Guess The Unseen: Dynamic 3D Scene Reconstruction from Partial 2D Glimpses

TL;DR

This paper introduces a novel method for reconstructing dynamic 3D scenes with multiple humans from limited 2D video data using 3D Gaussian Splatting and a pre-trained diffusion model, enabling high-quality rendering and editing.

Contribution

It proposes a new approach to optimize 3D-Gaussian Splatting representations in a canonical space, effectively handling sparse and occluded observations for dynamic scene reconstruction.

Findings

High-quality 3D human reconstructions in challenging scenarios

Effective view synthesis and scene editing capabilities

Outperforms existing methods in quality and efficiency

Abstract

In this paper, we present a method to reconstruct the world and multiple dynamic humans in 3D from a monocular video input.
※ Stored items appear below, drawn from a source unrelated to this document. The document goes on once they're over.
(* Let $\{E_n\}_{n\ge1}$ be a sequence of diagonal projections such that $\sum_{n\ge1}E_n=I+K$ for some compact operator $K$ (the series converging in the weak, equivalently strong, operator topology). Then there exists an integer $n_0\ge1$ such that: (i) $E_nE_m=\delta_{nm}E_n$ for all $m,n>n_0$; (ii) $E_nE_m$ is a finite-rank projection for all $1\le m,n\le n_0$ with $m\ne n$; (iii) for each $N\ge n_0$, $E^{(N)}=\sum_{n>N}E_n$ is a diagonal projection and $E^{(N)}E_n=0$ for all $n=1,\dots,N$.
   Context: $\mathcal{H}$ is a separable infinite-dimensional complex Hilbert space with a fixed orthonormal basis $\{e_n\}_{n\ge1}$; $\mathcal{D}$ is the algebra of operators diagonal with respect to this basis; a diagonal projection is an orthogonal projection belonging to $\mathcal{D}$. *)

From HB Require Import structures.
From mathcomp Require Import all_boot all_order all_algebra.
From mathcomp Require Import complex.
From mathcomp Require Import all_classical all_reals all_analysis.
Set Implicit Arguments. Unset Strict Implicit. Unset Printing Implicit Defensive.
Import Order.TTheory GRing.Theory Num.Theory.
Import numFieldNormedType.Exports.
Local Open Scope classical_set_scope.
Local Open Scope ring_scope.

(* The Hilbert space H = l^2(N, C) with orthonormal basis e_k (k : nat);
   elements are represented as complex sequences nat -> R[i]. *)
Definition vec (R : realType) := nat -> R[i].
Definition op (R : realType) := vec R -> vec R.

Section L2.
Variable R : realType.

Definition sqmod (z : R[i]) : R := (@complex.Re R z) ^+ 2 + (@complex.Im R z) ^+ 2.

Definition inl2 (x : vec R) : Prop := cvgn (series (fun k => sqmod (x k))).

Definition l2norm (x : vec R) : R := Num.sqrt (limn (series (fun k => sqmod (x k)))).

Definition vsub (x y : vec R) : vec R := fun k => x k - y k.

Definition norm_cvg (u : nat -> vec R) (y : vec R) : Prop :=
  (fun j => l2norm (vsub (u j) y)) @ \oo --> (0 : R).

Definition compact_op (T : op R) : Prop :=
  [/\ (forall x, inl2 x -> inl2 (T x)),
      (forall x y, inl2 x -> inl2 y -> T (fun k => x k + y k) = (fun k => T x k + T y k)),
      (forall (a : R[i]) x, inl2 x -> T (fun k => a * x k) = (fun k => a * T x k)) &
      (forall u : nat -> vec R, (forall j, inl2 (u j)) ->
         (exists B : R, forall j, l2norm (u j) <= B) ->
         exists phi : nat -> nat, exists y : vec R,
           {homo phi : m n / (m < n)%N >-> (m < n)%N} /\ inl2 y /\
           norm_cvg (fun j => T (u (phi j))) y)].

Definition diag_proj (P : op R) : Prop :=
  exists d : nat -> bool, forall x k, P x k = (if d k then x k else 0).

Definition finite_rank (T : op R) : Prop :=
  exists s : seq (vec R), forall x, inl2 x ->
    exists c : nat -> R[i], forall k, T x k = \sum_(i < size s) c i * (nth (fun _ => 0) s i) k.

Definition zero_op (T : op R) : Prop := forall x, T x = (fun _ => 0).

End L2.

From HB Require Import structures.
From mathcomp Require Import all_boot all_order all_algebra.
From mathcomp Require Import complex.
From mathcomp Require Import all_classical all_reals all_analysis.
From mathcomp Require Import lra ring.
Import Order.TTheory GRing.Theory Num.Theory.
Import numFieldNormedType.Exports.
Local Open Scope classical_set_scope.
Local Open Scope ring_scope.

(* Write E_n as multiplication by the 0/1 sequence d n and let c_M(k) count
   the n <= M with d n k, so that the partial sums multiply the k-th
   coordinate by c_M(k).  Testing the hypothesis on e_k shows that
   c_M(k) - 1 - (K e_k)_k tends to 0; the integer c_M(k) is therefore
   eventually constant (every coordinate is covered by finitely many E_n) and
   its final value is within 1/8 of 1 + (K e_k)_k.  The diagonal of a compact
   operator tends to 0, so from some k0 on every coordinate is covered by
   exactly one E_n, and then K x vanishes on it.  Taking n0 beyond all E_n
   covering one of the first k0 coordinates gives (i) and (iii), and for
   n <> m the range of E_n E_m lies in the span of e_0, ..., e_(k0-1). *)

Set Implicit Arguments. Unset Strict Implicit. Unset Printing Implicit Defensive.

Section SquaredModulus.
Variable R : realType.
Implicit Types a b : R[i].

Lemma sqmod_ge0 a : 0 <= sqmod a.
Proof. rewrite /sqmod; nra. Qed.

Lemma sqmod_le0 a : sqmod a <= 0 -> a = 0.
Proof.
case: a => a1 a2; rewrite /sqmod /= => h.
by have [-> ->] : a1 = 0 /\ a2 = 0 by split; nra.
Qed.

Lemma sqmodN a : sqmod (- a) = sqmod a.
Proof. by case: a => a1 a2; rewrite /sqmod /=; ring. Qed.

Lemma sqmod0 : sqmod (0 : R[i]) = 0.
Proof. by rewrite /sqmod /= expr0n addr0. Qed.

Lemma sqmodM a b : sqmod (a * b) = sqmod a * sqmod b.
Proof. by case: a => a1 a2; case: b => b1 b2; rewrite /sqmod /=; ring. Qed.

Lemma sqmodD a b : sqmod (a + b) <= 2 * sqmod a + 2 * sqmod b.
Proof.
case: a => a1 a2; case: b => b1 b2; rewrite /sqmod /=.
have := sqr_ge0 (a1 - b1); have := sqr_ge0 (a2 - b2); nra.
Qed.

Lemma sqmod_natr (c : nat) : sqmod (c%:R : R[i]) = c%:R ^+ 2.
Proof. by rewrite -(rmorph_nat (@complex.real_complex R)) /sqmod /= expr0n addr0. Qed.

Lemma sqmod_natr_lt1 (c : nat) : sqmod (c%:R : R[i]) < 1 -> c = 0%N.
Proof. by rewrite sqmod_natr -natrX ltrn1; case: c. Qed.

Lemma sqmod_natr_sub1_lt1 (c : nat) : sqmod (c%:R - 1 : R[i]) < 1 -> c = 1%N.
Proof.
case: c => [|c]; first by rewrite sub0r sqmodN /sqmod /= expr1n expr0n addr0 ltxx.
by rewrite -natr1 addrK => /sqmod_natr_lt1 ->.
Qed.

End SquaredModulus.

Section SquareSummable.
Variable R : realType.
Implicit Types x y w : vec R.

Lemma sqmod_le_sumsq x k : inl2 x -> sqmod (x k) <= limn (series (fun i => sqmod (x i))).
Proof.
move=> hx; have nd : nondecreasing_seq (series (fun i => sqmod (x i))).
  by rewrite seriesEnat; apply: nondecreasing_series => i _ _; exact: sqmod_ge0.
apply: le_trans (nondecreasing_cvgn_le nd hx k.+1).
rewrite seriesEnat /= big_nat_recr //= lerDr.
by apply: sumr_ge0 => i _; exact: sqmod_ge0.
Qed.

Lemma l2norm_ge0 x : 0 <= l2norm x.
Proof. exact: sqrtr_ge0. Qed.

Lemma sqmod_le_l2norm x k : inl2 x -> sqmod (x k) <= l2norm x ^+ 2.
Proof.
move=> hx; have hk := sqmod_le_sumsq k hx.
by rewrite /l2norm sqr_sqrtr // (le_trans (sqmod_ge0 _) hk).
Qed.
As a key idea, we represent both the world and multiple humans via the recently emerging 3D Gaussian Splatting (3D-GS) representation, enabling to conveniently and efficiently compose and render them together. In particular, we address the scenarios with severely limited and sparse observations in 3D human reconstruction, a common challenge encountered in the real world. To tackle this challenge, we introduce a novel approach to optimize the 3D-GS representation in a canonical space by fusing the sparse cues in the common space, where we leverage a pre-trained 2D diffusion model to synthesize unseen views while keeping the consistency with the observed 2D appearances. We demonstrate our method can reconstruct high-quality animatable 3D humans in various challenging examples, in the presence of occlusion, image crops, few-shot, and extremely sparse observations. After reconstruction, our method is capable of not only rendering the scene in any novel views at arbitrary time instances, but also editing the 3D scene by removing individual humans or applying different motions for each human. Through various experiments, we demonstrate the quality and efficiency of our methods over alternative existing approaches.